> **What is being asked**
Set down exactly the lines below, starting at the one that contains "cov02 n G aT b" and ending at the one that contains "sum_to n (fun m => ricci_curvature n G a", with both of those lines included and nothing else.

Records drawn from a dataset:
+-------+
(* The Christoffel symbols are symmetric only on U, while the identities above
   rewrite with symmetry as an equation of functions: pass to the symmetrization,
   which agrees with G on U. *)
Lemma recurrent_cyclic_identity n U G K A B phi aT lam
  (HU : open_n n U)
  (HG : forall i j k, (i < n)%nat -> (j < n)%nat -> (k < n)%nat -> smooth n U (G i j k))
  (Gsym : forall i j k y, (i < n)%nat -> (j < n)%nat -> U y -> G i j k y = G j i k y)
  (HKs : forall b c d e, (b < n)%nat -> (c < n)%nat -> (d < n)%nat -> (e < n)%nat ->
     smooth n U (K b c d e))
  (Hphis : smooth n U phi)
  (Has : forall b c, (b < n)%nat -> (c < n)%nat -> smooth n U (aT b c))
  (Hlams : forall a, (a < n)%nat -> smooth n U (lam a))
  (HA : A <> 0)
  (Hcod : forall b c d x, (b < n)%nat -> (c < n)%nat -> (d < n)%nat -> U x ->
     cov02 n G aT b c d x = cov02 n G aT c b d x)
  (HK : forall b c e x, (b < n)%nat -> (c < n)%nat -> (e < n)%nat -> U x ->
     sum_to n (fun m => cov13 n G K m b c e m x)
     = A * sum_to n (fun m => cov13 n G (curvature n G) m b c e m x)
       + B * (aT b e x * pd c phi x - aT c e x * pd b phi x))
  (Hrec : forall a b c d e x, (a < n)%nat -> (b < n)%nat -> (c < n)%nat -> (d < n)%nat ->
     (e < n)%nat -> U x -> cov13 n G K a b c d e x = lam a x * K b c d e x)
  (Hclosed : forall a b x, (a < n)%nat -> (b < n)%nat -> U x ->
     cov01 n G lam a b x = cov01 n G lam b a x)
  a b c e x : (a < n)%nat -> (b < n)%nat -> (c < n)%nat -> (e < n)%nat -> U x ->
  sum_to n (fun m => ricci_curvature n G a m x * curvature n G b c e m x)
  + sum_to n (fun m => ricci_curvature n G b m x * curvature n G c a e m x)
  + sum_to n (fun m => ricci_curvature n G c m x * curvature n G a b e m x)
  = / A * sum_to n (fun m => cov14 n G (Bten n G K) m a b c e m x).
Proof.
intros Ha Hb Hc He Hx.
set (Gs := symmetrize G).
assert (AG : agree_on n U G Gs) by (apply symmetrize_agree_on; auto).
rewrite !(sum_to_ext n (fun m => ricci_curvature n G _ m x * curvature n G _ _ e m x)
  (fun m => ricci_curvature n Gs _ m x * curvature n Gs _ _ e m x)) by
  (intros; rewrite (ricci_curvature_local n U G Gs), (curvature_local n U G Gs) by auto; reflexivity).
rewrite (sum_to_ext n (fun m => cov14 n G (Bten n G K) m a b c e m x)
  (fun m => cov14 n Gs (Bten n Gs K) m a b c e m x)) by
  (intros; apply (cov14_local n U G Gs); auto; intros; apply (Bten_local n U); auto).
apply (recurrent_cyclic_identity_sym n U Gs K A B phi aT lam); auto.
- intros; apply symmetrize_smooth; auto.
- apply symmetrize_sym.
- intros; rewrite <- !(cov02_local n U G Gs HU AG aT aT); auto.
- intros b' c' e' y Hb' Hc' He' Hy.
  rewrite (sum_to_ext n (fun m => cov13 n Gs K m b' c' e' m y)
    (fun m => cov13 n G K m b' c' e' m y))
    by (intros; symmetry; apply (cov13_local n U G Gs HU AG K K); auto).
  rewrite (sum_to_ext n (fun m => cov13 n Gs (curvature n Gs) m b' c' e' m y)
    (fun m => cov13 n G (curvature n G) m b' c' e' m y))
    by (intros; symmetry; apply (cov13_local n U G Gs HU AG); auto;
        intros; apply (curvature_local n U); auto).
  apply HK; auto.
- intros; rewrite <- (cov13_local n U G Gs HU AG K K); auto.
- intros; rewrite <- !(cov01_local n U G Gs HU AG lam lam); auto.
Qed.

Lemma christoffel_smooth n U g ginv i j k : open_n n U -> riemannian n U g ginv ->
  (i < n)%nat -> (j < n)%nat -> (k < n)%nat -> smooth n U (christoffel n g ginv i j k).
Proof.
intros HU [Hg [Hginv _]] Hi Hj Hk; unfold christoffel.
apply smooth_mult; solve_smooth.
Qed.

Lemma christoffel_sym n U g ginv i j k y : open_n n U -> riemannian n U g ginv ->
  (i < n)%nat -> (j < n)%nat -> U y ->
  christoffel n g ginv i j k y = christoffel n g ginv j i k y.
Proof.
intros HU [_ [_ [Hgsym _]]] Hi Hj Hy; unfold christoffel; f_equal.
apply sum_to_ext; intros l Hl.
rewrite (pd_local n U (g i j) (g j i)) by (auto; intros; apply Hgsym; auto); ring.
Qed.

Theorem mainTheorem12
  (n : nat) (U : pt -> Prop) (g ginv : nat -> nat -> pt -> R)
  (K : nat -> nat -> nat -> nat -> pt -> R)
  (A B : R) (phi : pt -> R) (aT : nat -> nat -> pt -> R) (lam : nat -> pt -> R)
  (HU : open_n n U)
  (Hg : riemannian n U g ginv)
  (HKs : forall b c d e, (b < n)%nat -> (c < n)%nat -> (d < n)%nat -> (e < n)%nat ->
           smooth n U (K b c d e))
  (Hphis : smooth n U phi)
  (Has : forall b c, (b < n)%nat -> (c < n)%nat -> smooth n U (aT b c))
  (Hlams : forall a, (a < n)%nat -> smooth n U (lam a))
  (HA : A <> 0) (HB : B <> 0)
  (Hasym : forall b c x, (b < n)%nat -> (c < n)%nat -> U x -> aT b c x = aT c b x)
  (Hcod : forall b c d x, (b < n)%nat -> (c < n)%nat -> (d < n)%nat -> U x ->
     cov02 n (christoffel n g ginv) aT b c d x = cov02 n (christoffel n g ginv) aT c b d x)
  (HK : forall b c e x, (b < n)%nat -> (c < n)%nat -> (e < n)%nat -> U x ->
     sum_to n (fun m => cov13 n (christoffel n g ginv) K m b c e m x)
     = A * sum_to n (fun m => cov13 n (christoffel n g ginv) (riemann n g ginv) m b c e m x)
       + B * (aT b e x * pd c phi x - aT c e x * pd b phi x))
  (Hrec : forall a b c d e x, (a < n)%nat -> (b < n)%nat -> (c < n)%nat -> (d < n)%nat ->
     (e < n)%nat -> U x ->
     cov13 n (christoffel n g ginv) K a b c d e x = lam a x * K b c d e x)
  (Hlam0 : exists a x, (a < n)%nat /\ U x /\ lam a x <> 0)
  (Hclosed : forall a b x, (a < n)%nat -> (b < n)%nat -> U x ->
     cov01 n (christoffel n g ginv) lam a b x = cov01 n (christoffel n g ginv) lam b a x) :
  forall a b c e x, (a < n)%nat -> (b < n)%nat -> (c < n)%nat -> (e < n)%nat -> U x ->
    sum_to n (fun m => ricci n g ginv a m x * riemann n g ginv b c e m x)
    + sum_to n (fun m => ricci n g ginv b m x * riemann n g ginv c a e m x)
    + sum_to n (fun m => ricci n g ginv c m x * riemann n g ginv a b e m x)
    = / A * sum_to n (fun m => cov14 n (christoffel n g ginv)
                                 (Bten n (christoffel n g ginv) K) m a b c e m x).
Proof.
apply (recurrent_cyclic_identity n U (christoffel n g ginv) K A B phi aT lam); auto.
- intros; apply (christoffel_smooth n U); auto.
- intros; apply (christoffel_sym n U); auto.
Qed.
+-------+
> **Final answer**
     cov02 n G aT b c d x = cov02 n G aT c b d x)
  (HK : forall b c e x, (b < n)%nat -> (c < n)%nat -> (e < n)%nat -> U x ->
     sum_to n (fun m => cov13 n G K m b c e m x)
     = A * sum_to n (fun m => cov13 n G (curvature n G) m b c e m x)
       + B * (aT b e x * pd c phi x - aT c e x * pd b phi x))
  (Hrec : forall a b c d e x, (a < n)%nat -> (b < n)%nat -> (c < n)%nat -> (d < n)%nat ->
     (e < n)%nat -> U x -> cov13 n G K a b c d e x = lam a x * K b c d e x)
  (Hclosed : forall a b x, (a < n)%nat -> (b < n)%nat -> U x ->
     cov01 n G lam a b x = cov01 n G lam b a x)
  a b c e x : (a < n)%nat -> (b < n)%nat -> (c < n)%nat -> (e < n)%nat -> U x ->
  sum_to n (fun m => ricci_curvature n G a m x * curvature n G b c e m x)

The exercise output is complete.